→ **WHAT THIS TASK INVOLVES**
In the data below, find the line that contains "by have := ler_wpM2l b_ge0 q_le; lra." and the line that contains "Definition rdot x". Copy both, plus every line between them, exactly.
START RAW DATA
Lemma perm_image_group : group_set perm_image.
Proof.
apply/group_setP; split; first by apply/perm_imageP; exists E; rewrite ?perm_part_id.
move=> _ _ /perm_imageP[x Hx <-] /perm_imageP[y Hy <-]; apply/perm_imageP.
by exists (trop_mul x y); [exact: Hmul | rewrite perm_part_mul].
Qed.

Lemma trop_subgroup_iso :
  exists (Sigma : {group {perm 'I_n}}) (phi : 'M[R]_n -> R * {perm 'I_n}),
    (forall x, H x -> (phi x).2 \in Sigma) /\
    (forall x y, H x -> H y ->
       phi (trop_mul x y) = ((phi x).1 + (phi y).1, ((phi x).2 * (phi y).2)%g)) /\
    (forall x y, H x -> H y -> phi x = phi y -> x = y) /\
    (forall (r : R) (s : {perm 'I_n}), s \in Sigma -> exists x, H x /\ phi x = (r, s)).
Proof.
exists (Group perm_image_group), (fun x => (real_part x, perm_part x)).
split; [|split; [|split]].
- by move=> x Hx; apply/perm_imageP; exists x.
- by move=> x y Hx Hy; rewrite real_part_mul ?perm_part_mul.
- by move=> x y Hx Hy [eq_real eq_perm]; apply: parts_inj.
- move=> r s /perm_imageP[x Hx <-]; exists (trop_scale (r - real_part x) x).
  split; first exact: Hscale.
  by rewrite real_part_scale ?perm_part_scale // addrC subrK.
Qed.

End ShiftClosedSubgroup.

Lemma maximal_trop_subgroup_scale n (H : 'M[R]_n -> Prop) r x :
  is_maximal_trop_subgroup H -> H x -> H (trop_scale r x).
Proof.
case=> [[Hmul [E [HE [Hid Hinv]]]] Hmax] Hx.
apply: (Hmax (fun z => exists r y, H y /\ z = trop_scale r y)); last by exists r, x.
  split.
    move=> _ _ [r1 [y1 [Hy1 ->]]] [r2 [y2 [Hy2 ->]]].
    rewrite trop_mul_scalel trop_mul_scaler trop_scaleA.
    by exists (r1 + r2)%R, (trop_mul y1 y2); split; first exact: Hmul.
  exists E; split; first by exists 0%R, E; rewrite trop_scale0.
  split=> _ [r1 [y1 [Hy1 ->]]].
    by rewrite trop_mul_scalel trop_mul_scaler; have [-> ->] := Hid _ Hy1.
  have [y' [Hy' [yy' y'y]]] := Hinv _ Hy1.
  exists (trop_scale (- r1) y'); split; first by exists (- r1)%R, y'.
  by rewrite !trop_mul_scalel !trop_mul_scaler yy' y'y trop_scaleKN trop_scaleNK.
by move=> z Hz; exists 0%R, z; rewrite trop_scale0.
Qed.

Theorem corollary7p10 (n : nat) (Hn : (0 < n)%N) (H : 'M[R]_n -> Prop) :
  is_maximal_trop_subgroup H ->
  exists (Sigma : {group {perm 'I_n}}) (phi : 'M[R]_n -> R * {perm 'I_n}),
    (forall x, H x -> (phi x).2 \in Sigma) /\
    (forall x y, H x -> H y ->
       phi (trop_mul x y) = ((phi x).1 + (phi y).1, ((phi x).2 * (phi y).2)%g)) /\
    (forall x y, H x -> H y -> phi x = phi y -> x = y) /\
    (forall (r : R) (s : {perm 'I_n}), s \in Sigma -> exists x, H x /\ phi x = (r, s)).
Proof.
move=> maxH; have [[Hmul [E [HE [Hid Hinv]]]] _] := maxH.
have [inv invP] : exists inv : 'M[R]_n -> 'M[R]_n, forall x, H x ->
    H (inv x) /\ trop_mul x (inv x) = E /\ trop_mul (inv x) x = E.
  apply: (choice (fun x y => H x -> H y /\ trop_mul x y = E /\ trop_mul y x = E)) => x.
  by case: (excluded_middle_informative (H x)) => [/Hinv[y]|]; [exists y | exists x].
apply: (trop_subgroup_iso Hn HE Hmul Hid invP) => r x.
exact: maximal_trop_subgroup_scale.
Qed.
END RAW DATA
START RAW DATA
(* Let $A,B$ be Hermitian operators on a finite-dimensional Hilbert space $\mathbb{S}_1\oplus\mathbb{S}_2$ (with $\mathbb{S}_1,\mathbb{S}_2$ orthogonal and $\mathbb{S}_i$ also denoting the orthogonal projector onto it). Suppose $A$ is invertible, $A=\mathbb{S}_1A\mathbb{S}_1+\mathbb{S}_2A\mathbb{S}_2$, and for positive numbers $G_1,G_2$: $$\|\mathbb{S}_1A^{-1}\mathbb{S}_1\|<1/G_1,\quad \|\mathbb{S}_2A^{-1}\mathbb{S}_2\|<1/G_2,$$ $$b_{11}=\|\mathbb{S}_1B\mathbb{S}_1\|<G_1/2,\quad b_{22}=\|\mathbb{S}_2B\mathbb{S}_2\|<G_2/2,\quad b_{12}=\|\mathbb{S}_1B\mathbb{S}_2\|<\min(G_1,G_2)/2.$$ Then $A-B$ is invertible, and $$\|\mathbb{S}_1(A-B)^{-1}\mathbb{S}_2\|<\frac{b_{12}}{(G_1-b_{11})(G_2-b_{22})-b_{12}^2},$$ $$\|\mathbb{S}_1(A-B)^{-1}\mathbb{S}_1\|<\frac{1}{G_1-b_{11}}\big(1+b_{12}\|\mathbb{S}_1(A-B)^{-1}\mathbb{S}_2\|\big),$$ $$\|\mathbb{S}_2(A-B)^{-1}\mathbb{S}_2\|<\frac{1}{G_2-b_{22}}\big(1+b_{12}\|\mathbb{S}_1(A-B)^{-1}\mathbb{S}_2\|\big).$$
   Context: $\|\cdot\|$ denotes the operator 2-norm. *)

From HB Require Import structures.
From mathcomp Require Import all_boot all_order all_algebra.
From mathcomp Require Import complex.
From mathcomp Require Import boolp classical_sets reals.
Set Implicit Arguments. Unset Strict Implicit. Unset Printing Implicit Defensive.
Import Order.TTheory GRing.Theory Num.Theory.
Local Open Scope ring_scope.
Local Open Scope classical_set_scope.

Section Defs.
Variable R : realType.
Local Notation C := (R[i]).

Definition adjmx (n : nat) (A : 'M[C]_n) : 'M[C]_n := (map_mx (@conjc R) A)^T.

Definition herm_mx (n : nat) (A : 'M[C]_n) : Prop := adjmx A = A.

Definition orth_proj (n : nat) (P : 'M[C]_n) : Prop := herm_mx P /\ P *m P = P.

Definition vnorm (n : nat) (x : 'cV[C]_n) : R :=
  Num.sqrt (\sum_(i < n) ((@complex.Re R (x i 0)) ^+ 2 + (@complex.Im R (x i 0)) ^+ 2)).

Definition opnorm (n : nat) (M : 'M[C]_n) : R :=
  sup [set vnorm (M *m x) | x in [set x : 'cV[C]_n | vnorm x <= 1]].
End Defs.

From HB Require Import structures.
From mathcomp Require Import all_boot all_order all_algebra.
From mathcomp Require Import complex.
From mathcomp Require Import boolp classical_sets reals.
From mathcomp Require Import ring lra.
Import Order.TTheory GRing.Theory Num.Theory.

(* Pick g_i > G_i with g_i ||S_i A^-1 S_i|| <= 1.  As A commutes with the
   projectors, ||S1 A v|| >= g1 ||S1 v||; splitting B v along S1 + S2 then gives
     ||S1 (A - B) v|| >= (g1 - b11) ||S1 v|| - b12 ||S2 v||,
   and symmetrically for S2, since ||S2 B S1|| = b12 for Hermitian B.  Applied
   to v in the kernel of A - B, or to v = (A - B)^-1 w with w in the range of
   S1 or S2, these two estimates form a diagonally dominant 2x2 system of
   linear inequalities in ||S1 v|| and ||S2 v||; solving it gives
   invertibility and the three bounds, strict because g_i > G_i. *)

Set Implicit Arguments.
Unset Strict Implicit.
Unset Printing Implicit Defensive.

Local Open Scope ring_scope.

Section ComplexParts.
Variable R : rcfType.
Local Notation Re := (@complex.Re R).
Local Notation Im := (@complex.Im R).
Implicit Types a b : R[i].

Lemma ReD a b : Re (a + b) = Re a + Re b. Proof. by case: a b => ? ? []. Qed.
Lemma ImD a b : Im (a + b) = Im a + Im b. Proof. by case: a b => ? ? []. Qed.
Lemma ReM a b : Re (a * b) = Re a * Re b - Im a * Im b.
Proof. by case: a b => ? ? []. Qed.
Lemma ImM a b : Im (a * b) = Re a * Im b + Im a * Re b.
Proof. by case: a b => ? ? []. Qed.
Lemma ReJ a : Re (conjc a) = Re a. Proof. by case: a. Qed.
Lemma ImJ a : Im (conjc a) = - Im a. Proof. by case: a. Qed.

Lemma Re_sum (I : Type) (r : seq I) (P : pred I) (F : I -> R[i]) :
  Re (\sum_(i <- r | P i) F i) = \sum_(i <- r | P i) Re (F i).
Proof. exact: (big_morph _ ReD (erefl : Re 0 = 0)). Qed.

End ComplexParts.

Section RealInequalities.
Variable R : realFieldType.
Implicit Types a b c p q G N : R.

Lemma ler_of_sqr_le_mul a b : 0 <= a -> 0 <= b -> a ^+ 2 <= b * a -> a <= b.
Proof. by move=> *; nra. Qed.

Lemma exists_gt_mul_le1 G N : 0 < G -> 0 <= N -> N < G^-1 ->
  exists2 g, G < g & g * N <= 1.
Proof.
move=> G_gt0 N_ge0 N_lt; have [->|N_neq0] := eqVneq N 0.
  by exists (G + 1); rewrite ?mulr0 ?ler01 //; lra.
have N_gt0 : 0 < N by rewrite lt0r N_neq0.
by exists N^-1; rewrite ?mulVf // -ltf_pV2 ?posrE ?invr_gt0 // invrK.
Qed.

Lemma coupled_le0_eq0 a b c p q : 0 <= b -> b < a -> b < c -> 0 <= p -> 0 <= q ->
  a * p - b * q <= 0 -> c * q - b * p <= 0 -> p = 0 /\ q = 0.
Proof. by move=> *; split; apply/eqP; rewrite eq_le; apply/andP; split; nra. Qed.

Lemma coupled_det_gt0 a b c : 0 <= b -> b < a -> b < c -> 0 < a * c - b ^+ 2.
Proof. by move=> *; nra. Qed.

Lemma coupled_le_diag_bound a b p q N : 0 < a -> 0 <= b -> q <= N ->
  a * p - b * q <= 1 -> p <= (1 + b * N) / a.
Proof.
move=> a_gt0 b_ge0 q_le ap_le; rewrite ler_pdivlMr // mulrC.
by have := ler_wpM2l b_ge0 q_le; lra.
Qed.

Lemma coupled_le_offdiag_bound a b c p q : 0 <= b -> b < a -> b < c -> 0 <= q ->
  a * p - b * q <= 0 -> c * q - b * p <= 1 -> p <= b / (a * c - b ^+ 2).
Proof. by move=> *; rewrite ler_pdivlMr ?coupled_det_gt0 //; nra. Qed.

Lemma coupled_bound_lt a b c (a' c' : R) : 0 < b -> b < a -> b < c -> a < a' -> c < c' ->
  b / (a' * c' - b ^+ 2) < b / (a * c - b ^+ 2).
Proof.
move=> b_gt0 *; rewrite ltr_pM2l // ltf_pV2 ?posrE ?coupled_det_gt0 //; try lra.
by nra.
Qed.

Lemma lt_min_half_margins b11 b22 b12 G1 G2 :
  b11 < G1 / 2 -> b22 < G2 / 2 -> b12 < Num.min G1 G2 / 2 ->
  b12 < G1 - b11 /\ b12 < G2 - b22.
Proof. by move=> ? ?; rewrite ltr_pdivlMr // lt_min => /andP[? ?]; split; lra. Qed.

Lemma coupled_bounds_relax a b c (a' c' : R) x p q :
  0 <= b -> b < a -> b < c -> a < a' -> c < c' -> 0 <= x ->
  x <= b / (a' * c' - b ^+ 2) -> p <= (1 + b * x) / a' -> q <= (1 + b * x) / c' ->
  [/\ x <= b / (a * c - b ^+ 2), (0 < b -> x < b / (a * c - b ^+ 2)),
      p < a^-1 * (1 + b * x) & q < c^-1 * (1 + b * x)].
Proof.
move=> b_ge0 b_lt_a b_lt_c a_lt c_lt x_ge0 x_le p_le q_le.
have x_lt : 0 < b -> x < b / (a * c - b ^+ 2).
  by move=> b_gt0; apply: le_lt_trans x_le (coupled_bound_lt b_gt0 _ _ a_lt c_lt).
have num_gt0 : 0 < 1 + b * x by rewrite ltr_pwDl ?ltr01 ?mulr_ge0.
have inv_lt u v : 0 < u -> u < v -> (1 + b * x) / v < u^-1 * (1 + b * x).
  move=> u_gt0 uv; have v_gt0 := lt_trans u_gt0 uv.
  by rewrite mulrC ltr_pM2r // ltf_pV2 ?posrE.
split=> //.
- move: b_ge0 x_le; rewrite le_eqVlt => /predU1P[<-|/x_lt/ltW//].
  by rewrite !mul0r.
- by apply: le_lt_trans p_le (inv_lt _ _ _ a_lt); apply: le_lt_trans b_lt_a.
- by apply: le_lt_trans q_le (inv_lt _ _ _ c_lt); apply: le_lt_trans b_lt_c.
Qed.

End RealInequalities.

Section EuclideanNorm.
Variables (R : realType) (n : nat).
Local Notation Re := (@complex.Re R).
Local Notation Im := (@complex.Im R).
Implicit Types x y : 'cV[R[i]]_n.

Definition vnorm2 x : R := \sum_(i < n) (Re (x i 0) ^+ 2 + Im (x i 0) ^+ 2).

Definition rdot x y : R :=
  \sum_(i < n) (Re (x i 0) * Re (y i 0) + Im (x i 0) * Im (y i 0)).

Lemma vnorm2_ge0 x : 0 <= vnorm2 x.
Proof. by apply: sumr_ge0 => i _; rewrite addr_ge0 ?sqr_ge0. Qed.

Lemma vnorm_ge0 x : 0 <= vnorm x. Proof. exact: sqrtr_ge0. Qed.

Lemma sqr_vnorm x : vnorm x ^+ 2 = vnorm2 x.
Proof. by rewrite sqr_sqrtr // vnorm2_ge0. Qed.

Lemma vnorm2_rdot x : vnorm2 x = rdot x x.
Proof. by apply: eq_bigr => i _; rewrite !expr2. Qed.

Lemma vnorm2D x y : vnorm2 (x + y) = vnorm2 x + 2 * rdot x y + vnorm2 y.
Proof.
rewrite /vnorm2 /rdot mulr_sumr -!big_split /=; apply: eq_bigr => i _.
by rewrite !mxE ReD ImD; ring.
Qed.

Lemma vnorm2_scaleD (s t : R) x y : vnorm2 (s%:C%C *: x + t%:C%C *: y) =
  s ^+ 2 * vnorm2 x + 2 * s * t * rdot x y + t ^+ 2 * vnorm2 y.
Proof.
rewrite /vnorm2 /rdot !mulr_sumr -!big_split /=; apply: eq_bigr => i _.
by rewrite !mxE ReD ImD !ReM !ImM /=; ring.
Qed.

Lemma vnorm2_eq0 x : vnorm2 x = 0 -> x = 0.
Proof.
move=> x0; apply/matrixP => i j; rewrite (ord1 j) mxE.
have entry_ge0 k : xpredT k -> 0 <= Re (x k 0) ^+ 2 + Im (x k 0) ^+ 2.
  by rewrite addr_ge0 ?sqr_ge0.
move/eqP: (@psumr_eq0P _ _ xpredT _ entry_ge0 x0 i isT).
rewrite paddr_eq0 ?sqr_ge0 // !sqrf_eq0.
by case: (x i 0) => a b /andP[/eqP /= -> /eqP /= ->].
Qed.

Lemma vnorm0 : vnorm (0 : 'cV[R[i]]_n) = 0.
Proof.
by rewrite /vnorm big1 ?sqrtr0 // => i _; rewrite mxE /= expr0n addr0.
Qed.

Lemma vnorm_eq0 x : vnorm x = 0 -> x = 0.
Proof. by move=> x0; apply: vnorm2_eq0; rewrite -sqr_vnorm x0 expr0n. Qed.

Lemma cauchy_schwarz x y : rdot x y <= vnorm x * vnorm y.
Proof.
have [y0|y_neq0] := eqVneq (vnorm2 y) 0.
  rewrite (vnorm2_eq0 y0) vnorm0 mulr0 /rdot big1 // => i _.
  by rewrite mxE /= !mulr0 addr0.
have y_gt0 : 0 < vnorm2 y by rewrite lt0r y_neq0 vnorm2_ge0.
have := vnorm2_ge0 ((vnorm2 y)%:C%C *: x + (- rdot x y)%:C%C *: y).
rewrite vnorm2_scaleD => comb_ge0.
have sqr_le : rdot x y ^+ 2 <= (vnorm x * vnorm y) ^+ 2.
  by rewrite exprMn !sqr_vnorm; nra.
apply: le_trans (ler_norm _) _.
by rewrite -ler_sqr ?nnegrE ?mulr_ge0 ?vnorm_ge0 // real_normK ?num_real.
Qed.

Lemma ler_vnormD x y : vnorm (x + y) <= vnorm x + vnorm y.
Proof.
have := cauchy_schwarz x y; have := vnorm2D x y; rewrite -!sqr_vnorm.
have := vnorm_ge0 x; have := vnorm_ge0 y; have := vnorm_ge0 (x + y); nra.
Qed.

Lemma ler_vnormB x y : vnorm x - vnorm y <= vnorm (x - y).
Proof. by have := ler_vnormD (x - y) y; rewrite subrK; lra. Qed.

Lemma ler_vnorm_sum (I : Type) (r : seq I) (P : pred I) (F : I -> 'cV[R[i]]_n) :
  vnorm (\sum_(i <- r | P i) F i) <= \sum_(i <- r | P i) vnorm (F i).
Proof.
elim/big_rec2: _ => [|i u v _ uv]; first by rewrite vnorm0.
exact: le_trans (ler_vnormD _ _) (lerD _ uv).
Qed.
END RAW DATA
→ **REPLY**
by have := ler_wpM2l b_ge0 q_le; lra.
Qed.

Lemma coupled_le_offdiag_bound a b c p q : 0 <= b -> b < a -> b < c -> 0 <= q ->
  a * p - b * q <= 0 -> c * q - b * p <= 1 -> p <= b / (a * c - b ^+ 2).
Proof. by move=> *; rewrite ler_pdivlMr ?coupled_det_gt0 //; nra. Qed.

Lemma coupled_bound_lt a b c (a' c' : R) : 0 < b -> b < a -> b < c -> a < a' -> c < c' ->
  b / (a' * c' - b ^+ 2) < b / (a * c - b ^+ 2).
Proof.
move=> b_gt0 *; rewrite ltr_pM2l // ltf_pV2 ?posrE ?coupled_det_gt0 //; try lra.
by nra.
Qed.

Lemma lt_min_half_margins b11 b22 b12 G1 G2 :
  b11 < G1 / 2 -> b22 < G2 / 2 -> b12 < Num.min G1 G2 / 2 ->
  b12 < G1 - b11 /\ b12 < G2 - b22.
Proof. by move=> ? ?; rewrite ltr_pdivlMr // lt_min => /andP[? ?]; split; lra. Qed.

Lemma coupled_bounds_relax a b c (a' c' : R) x p q :
  0 <= b -> b < a -> b < c -> a < a' -> c < c' -> 0 <= x ->
  x <= b / (a' * c' - b ^+ 2) -> p <= (1 + b * x) / a' -> q <= (1 + b * x) / c' ->
  [/\ x <= b / (a * c - b ^+ 2), (0 < b -> x < b / (a * c - b ^+ 2)),
      p < a^-1 * (1 + b * x) & q < c^-1 * (1 + b * x)].
Proof.
move=> b_ge0 b_lt_a b_lt_c a_lt c_lt x_ge0 x_le p_le q_le.
have x_lt : 0 < b -> x < b / (a * c - b ^+ 2).
  by move=> b_gt0; apply: le_lt_trans x_le (coupled_bound_lt b_gt0 _ _ a_lt c_lt).
have num_gt0 : 0 < 1 + b * x by rewrite ltr_pwDl ?ltr01 ?mulr_ge0.
have inv_lt u v : 0 < u -> u < v -> (1 + b * x) / v < u^-1 * (1 + b * x).
  move=> u_gt0 uv; have v_gt0 := lt_trans u_gt0 uv.
  by rewrite mulrC ltr_pM2r // ltf_pV2 ?posrE.
split=> //.
- move: b_ge0 x_le; rewrite le_eqVlt => /predU1P[<-|/x_lt/ltW//].
  by rewrite !mul0r.
- by apply: le_lt_trans p_le (inv_lt _ _ _ a_lt); apply: le_lt_trans b_lt_a.
- by apply: le_lt_trans q_le (inv_lt _ _ _ c_lt); apply: le_lt_trans b_lt_c.
Qed.

End RealInequalities.

Section EuclideanNorm.
Variables (R : realType) (n : nat).
Local Notation Re := (@complex.Re R).
Local Notation Im := (@complex.Im R).
Implicit Types x y : 'cV[R[i]]_n.

Definition vnorm2 x : R := \sum_(i < n) (Re (x i 0) ^+ 2 + Im (x i 0) ^+ 2).

Definition rdot x y : R :=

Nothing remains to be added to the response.